In this article, we’ll look at how to use the pandas library to read an XLSX file with Python.
Before going further and see how to do this, we need to understand what is a data frame first. We are going to use pandas DataFrames to do this task.
What is Data frame?
Similar to a spreadsheet, a data structure called a dataframe arranges data into a 2-dimensional table of rows and columns. Because they are a flexible and user-friendly method of storing and working with data, DataFrames are one of the most popular data structures used in contemporary data analytics.
Example of reading excel file using pandas
We are going to use the pandas library to do this task. In pandas library we have an API called read_excel which is particularly used to read excel files.
read_excel returns the Data frame or Dict of Date of frames based on the usage. These data frames has rows and columns which is equivalent to the excel sheet.
Reading an excel sheet from an excel file
Let’s say if you have ‘n’ sheets in your excel file and if you want to read a particular sheet which has a name as ‘excel_sheet’ then you can do it as shown below.
from pandas import read_excel
from IPython.display import display
# Change it to the name of your sheet; your sheet name can be found at the leftmost corner of your Excel document.
sheet_n ='excel_sheet' #sheet name
file_n = 'excel_file.xlsx' #Excel file name
df = read_excel(file_n, sheet_name = sheet_n)

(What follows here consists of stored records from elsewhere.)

Lemma weighted_mean_eq1 (R : numDomainType) (I : eqType) (r : seq I) (w a : I -> R) :
  (forall i, i \in r -> 0 < w i) -> (forall i, i \in r -> a i <= 1) ->
  \sum_(i <- r) w i <= \sum_(i <- r) w i * a i -> forall i, i \in r -> a i = 1.
Proof.
move=> hw ha hle.
have F0 i : i \in r -> 0 <= w i * (1 - a i).
  by move=> hi; apply: mulr_ge0; [exact: ltW (hw _ hi) | rewrite subr_ge0 ha].
have hsum : \sum_(i <- r | i \in r) w i * (1 - a i) == 0.
  rewrite eq_le sumr_ge0 // andbT -big_seq.
  under eq_bigr do rewrite mulrBr mulr1.
  by rewrite sumrB subr_le0.
move=> i hi; move: hsum; rewrite psumr_eq0 // => /allP/(_ i hi).
by rewrite hi /= mulf_eq0 gt_eqF ?hw //= subr_eq0 => /eqP.
Qed.

Section Gauge.
Variables (R : realType) (d : nat) (gamma : 'rV[R]_d -> R).
Hypothesis hg : is_norm gamma.

Lemma gauge0 : gamma 0 = 0.
Proof. by case: hg => _ hZ _; rewrite -(scale0r 0) hZ normr0 mul0r. Qed.

Lemma gaugeZ a x : gamma (a *: x) = `|a| * gamma x.
Proof. by case: hg. Qed.

Lemma gaugeN x : gamma (- x) = gamma x.
Proof. by rewrite -scaleN1r gaugeZ normrN normr1 mul1r. Qed.

Lemma gaugeD x y : gamma (x + y) <= gamma x + gamma y.
Proof. by case: hg. Qed.

Lemma gauge_ge0 x : 0 <= gamma x.
Proof. by have := gaugeD x (- x); rewrite subrr gauge0 gaugeN; lra. Qed.

Lemma gauge_gt0 x : x != 0 -> 0 < gamma x.
Proof.
case: hg => h0 _ _ x0; rewrite lt_neqAle gauge_ge0 andbT eq_sym.
by apply: contraNneq x0 => /h0 ->.
Qed.

Lemma gauge_dist x y : `|gamma x - gamma y| <= gamma (x - y).
Proof.
have hx := gaugeD (x - y) y; have hy := gaugeD (y - x) x.
rewrite subrK in hx; rewrite subrK -opprB gaugeN in hy.
by rewrite ler_norml; apply/andP; split; lra.
Qed.

Lemma gauge_sum (I : Type) (r : seq I) (F : I -> 'rV[R]_d) :
  gamma (\sum_(i <- r) F i) <= \sum_(i <- r) gamma (F i).
Proof.
elim: r => [|a r IH]; first by rewrite !big_nil gauge0.
by rewrite !big_cons; apply: le_trans (gaugeD _ _) _; exact: lerD.
Qed.

Lemma gauge_le_norm : exists2 K, 0 <= K & forall x, gamma x <= K * `|x|.
Proof.
exists (\sum_(i < d) gamma (delta_mx ord0 i)).
  by apply: sumr_ge0 => i _; exact: gauge_ge0.
move=> x; rewrite {1}(matrix_sum_delta x) big_ord1.
apply: le_trans (gauge_sum _ _) _; rewrite mulr_suml; apply: ler_sum => i _.
by rewrite gaugeZ mulrC ler_wpM2l ?gauge_ge0 ?coord_le_norm.
Qed.

Lemma gauge_continuous x : {for x, continuous gamma}.
Proof.
have [K K0 hK] := gauge_le_norm.
apply: (lipschitz_at_continuous K0) => y.
exact: le_trans (gauge_dist _ _) (hK _).
Qed.

Hypothesis d0 : (0 < d)%N.

(* Conversely gamma dominates a multiple of the sup-norm: minimise gamma on
   the compact unit sphere of the sup-norm. *)
Lemma norm_le_gauge : exists2 c, 0 < c & forall x, c * `|x| <= gamma x.
Proof.
pose S := [set x : 'rV[R]_d | `|x| = 1].
have S0 : S !=set0.
  have [x x0] := nonzero_row R d0; exists (`|x|^-1 *: x).
  by rewrite /S /= normrZ ger0_norm ?invr_ge0 // mulVf // normr_eq0.
have Sc : compact S.
  apply: bounded_closed_compact; first by apply: (@norm_bounded_set _ _ _ 1) => x ->.
  apply: (@preimage_closed _ _ (Num.norm : 'rV[R]_d -> R) [set r | r = 1]).
    by move=> x _; exact: norm_continuous.
  exact: closed_eq.
have [c /set_mem Sc' hmin] :=
  compact_EVT_min S0 Sc (continuous_subspaceT gauge_continuous).
have c0 : c != 0.
  by apply/eqP => c0; move: Sc'; rewrite /S /= c0 normr0 => /eqP; rewrite eq_sym oner_eq0.
exists (gamma c); first exact: gauge_gt0.
move=> x; have [->|x0] := eqVneq x 0; first by rewrite normr0 mulr0 gauge_ge0.
have nx : 0 < `|x| by rewrite normr_gt0.
have hS : (`|x|^-1 *: x) \in S.
  by rewrite inE /S /= normrZ ger0_norm ?invr_ge0 // mulVf ?gt_eqF.
have := hmin _ hS; rewrite gaugeZ ger0_norm ?invr_ge0 //.
by rewrite ler_pdivlMl // mulrC.
Qed.

Lemma unit_ball_norm_bounded : exists B, forall x, gamma x <= 1 -> `|x| <= B.
Proof.
have [c c0 hc] := norm_le_gauge; exists c^-1 => x hx.
by rewrite -(ler_pM2l c0) mulfV ?gt_eqF //; exact: le_trans (hc x) hx.
Qed.

Lemma unit_ball_compact : compact (unit_ball gamma).
Proof.
apply: bounded_closed_compact.
  by have [B hB] := unit_ball_norm_bounded; exact: (@norm_bounded_set _ _ _ B).
apply: (@preimage_closed _ _ gamma [set r | r <= 1]).
  by move=> x _; exact: gauge_continuous.
exact: closed_le.
Qed.

End Gauge.

Section InnerProduct.
Variables (R : realType) (d : nat).
Implicit Types (p x y : 'rV[R]_d).

Lemma ipD p x y : ip p (x + y) = ip p x + ip p y.
Proof. by rewrite /ip -big_split; apply: eq_bigr => i _; rewrite mxE mulrDr. Qed.

Lemma ipZ p a x : ip p (a *: x) = a * ip p x.
Proof. by rewrite /ip mulr_sumr; apply: eq_bigr => i _; rewrite mxE mulrCA. Qed.

Lemma ip0 p : ip p 0 = 0.
Proof. by rewrite -(scale0r 0) ipZ mul0r. Qed.

Lemma ipN p x : ip p (- x) = - ip p x.
Proof. by rewrite -scaleN1r ipZ mulN1r. Qed.

Lemma ipB p x y : ip p (x - y) = ip p x - ip p y.
Proof. by rewrite ipD ipN. Qed.

Lemma ipNl p x : ip (- p) x = - ip p x.
Proof. by rewrite /ip -sumrN; apply: eq_bigr => i _; rewrite mxE mulNr. Qed.

Lemma ip_suml (I : Type) (r : seq I) (c : I -> R) (P : I -> 'rV[R]_d) x :
  ip (\sum_(i <- r) c i *: P i) x = \sum_(i <- r) c i * ip (P i) x.
Proof.
elim: r => [|a r IH].
  by rewrite !big_nil /ip; apply: big1 => i _; rewrite mxE mul0r.
rewrite !big_cons -IH /ip mulr_sumr -big_split; apply: eq_bigr => i _.
by rewrite !mxE mulrDl mulrA.
Qed.

Lemma ip_le_norm p : exists2 K, 0 <= K & forall x, `|ip p x| <= K * `|x|.
Proof.
exists (\sum_(i < d) `|p ord0 i|); first exact: sumr_ge0.
move=> x; rewrite mulr_suml; apply: le_trans (ler_norm_sum _ _ _) _.
by apply: ler_sum => i _; rewrite normrM ler_wpM2l ?coord_le_norm.
Qed.

Lemma ip_continuous p x : {for x, continuous (ip p)}.
Proof.
have [K K0 hK] := ip_le_norm p.
by apply: (lipschitz_at_continuous K0) => y; rewrite -ipB hK.
Qed.

End InnerProduct.

Section DualNorm.
Variables (R : realType) (d : nat) (gamma : 'rV[R]_d -> R).
Hypotheses (hg : is_norm gamma) (d0 : (0 < d)%N).
Implicit Types (p x y : 'rV[R]_d).

Lemma dual_has_sup p : has_sup [set ip p x | x in unit_ball gamma].
Proof.
have [B hB] := unit_ball_norm_bounded hg d0; have [K K0 hK] := ip_le_norm p.
split; first by exists (ip p 0), 0; rewrite // /unit_ball /= (gauge0 hg).
exists (K * B) => _ [x hx <-]; apply: le_trans (ler_norm _) _.
by apply: le_trans (hK x) _; rewrite ler_wpM2l ?hB.
Qed.

Lemma dual_ub p x : gamma x <= 1 -> ip p x <= dual_norm gamma p.
Proof. by move=> hx; apply: sup_upper_bound; [exact: dual_has_sup | exists x]. Qed.

Lemma dual_norm_ge0 p : 0 <= dual_norm gamma p.
Proof. by rewrite -(ip0 p) dual_ub // (gauge0 hg). Qed.

Lemma ip_le_dual p y : ip p y <= dual_norm gamma p * gamma y.
Proof.
have [->|y0] := eqVneq y 0; first by rewrite ip0 (gauge0 hg) mulr0.
have gy := gauge_gt0 hg y0.
have hy : gamma ((gamma y)^-1 *: y) <= 1.
  by rewrite (gaugeZ hg) ger0_norm ?invr_ge0 ?(ltW gy) // mulVf ?gt_eqF.
by have := dual_ub p hy; rewrite ipZ ler_pdivrMl // mulrC.
Qed.

Lemma ip_le_gauge p y : dual_norm gamma p <= 1 -> ip p y <= gamma y.
Proof.
move=> hp; apply: le_trans (ip_le_dual p y) _.
by rewrite ler_piMl ?(gauge_ge0 hg).
Qed.

Lemma dual_norm_attained p :
  exists2 y, gamma y <= 1 & ip p y = dual_norm gamma p.
Proof.
have B0 : unit_ball gamma !=set0 by exists 0; rewrite /unit_ball /= (gauge0 hg).
have [y /set_mem hy hmax] := compact_EVT_max B0 (unit_ball_compact hg d0)
  (continuous_subspaceT (@ip_continuous _ _ p)).
exists y => //; apply: le_anti; rewrite dual_ub //=.
apply: ge_sup; first by exists (ip p y), y.
by move=> _ [x hx <-]; apply: hmax; rewrite inE.
Qed.

End DualNorm.

Section Cones.
Variables (R : realType) (d : nat) (gamma : 'rV[R]_d -> R).
Hypotheses (hg : is_norm gamma) (d0 : (0 < d)%N).
Implicit Types (p y z : 'rV[R]_d).

Definition face_cone p : set 'rV[R]_d :=
  [set y | exists t : R, exists2 x, exposed_face gamma p x & 0 <= t /\ y = t *: x].

Lemma NconeE p : dual_norm gamma p = 1 -> Ncone gamma p = face_cone p.
Proof. by rewrite /Ncone => ->; rewrite eqxx. Qed.

Lemma Ncone_support p y :
  dual_norm gamma p <= 1 -> Ncone gamma p y -> ip p y = gamma y.
Proof.
move=> hp; rewrite /Ncone; case: eqP => [_|_ ->]; last by rewrite ip0 (gauge0 hg).
move=> [t [x [hx1 hpx] [t0 ->]]]; rewrite ipZ hpx (gaugeZ hg) ger0_norm //.
suff -> : gamma x = 1 by [].
by apply: le_anti; rewrite hx1 -{1}hpx ip_le_gauge.
Qed.

(* The exposed face is convex, hence its cone is closed under addition. *)
Lemma face_coneD p y z : face_cone p y -> face_cone p z -> face_cone p (y + z).
Proof.
move=> [t [x [hx1 hpx] [t0 ->]]] [u [v [hv1 hpv] [u0 ->]]].
have [tu0|tu0] := eqVneq (t + u) 0.
  have [-> ->] : t = 0 /\ u = 0 by split; lra.
  by exists 0, x; rewrite ?scale0r ?addr0.
have tu : 0 < t + u by rewrite lt_neqAle eq_sym tu0 addr_ge0.
exists (t + u), ((t + u)^-1 *: (t *: x + u *: v)); last first.
  by split; [exact: ltW | rewrite scalerA mulfV ?scale1r ?gt_eqF].
split; last by rewrite ipZ ipD !ipZ hpx hpv !mulr1 mulVf ?gt_eqF.
rewrite /unit_ball /= (gaugeZ hg) ger0_norm ?invr_ge0 ?(ltW tu) // ler_pdivrMl // mulr1.
apply: le_trans (gaugeD hg _ _) _; rewrite !(gaugeZ hg) !ger0_norm //.
move: hx1 hv1; rewrite /unit_ball /=; nra.
Qed.

End Cones.

Section ElementaryCells.
Variables (R : realType) (d : nat) (gamma : 'rV[R]_d -> R).
Hypotheses (hg : is_norm gamma) (d0 : (0 < d)%N).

# To display the data in the form of table, we will use the Display module from Ipython
display(df)
With the above implementation you can read only a specific sheet in the given excel file.
After calling the read_excel( ) the entire sheet data is returned as Data Frame and with the display module, we are displaying that info.
Read all excel sheets from excel file
Let’s say if you have an excel file which has ‘n’ sheets and if you want to read all the ‘n’ sheets from the given excel file, then use the following code to do that.
from pandas import read_excel
from IPython.display import display
# Change it to the name of your sheet; your sheet name can be found at the leftmost corner of your Excel document.
sheet_n ='excel_sheet' #sheet name
file_n = 'excel_file.xlsx' #Excel file name
df = read_excel(file_n, sheet_name=None)
# To display the data in the form of table, we will use the Display module from Ipython
display(df)
If you are using any of the older version of pandas i.e. version which is less than 0.20, the you have use sheetname=None
to read all the sheets. In the latest versions you can use the above method.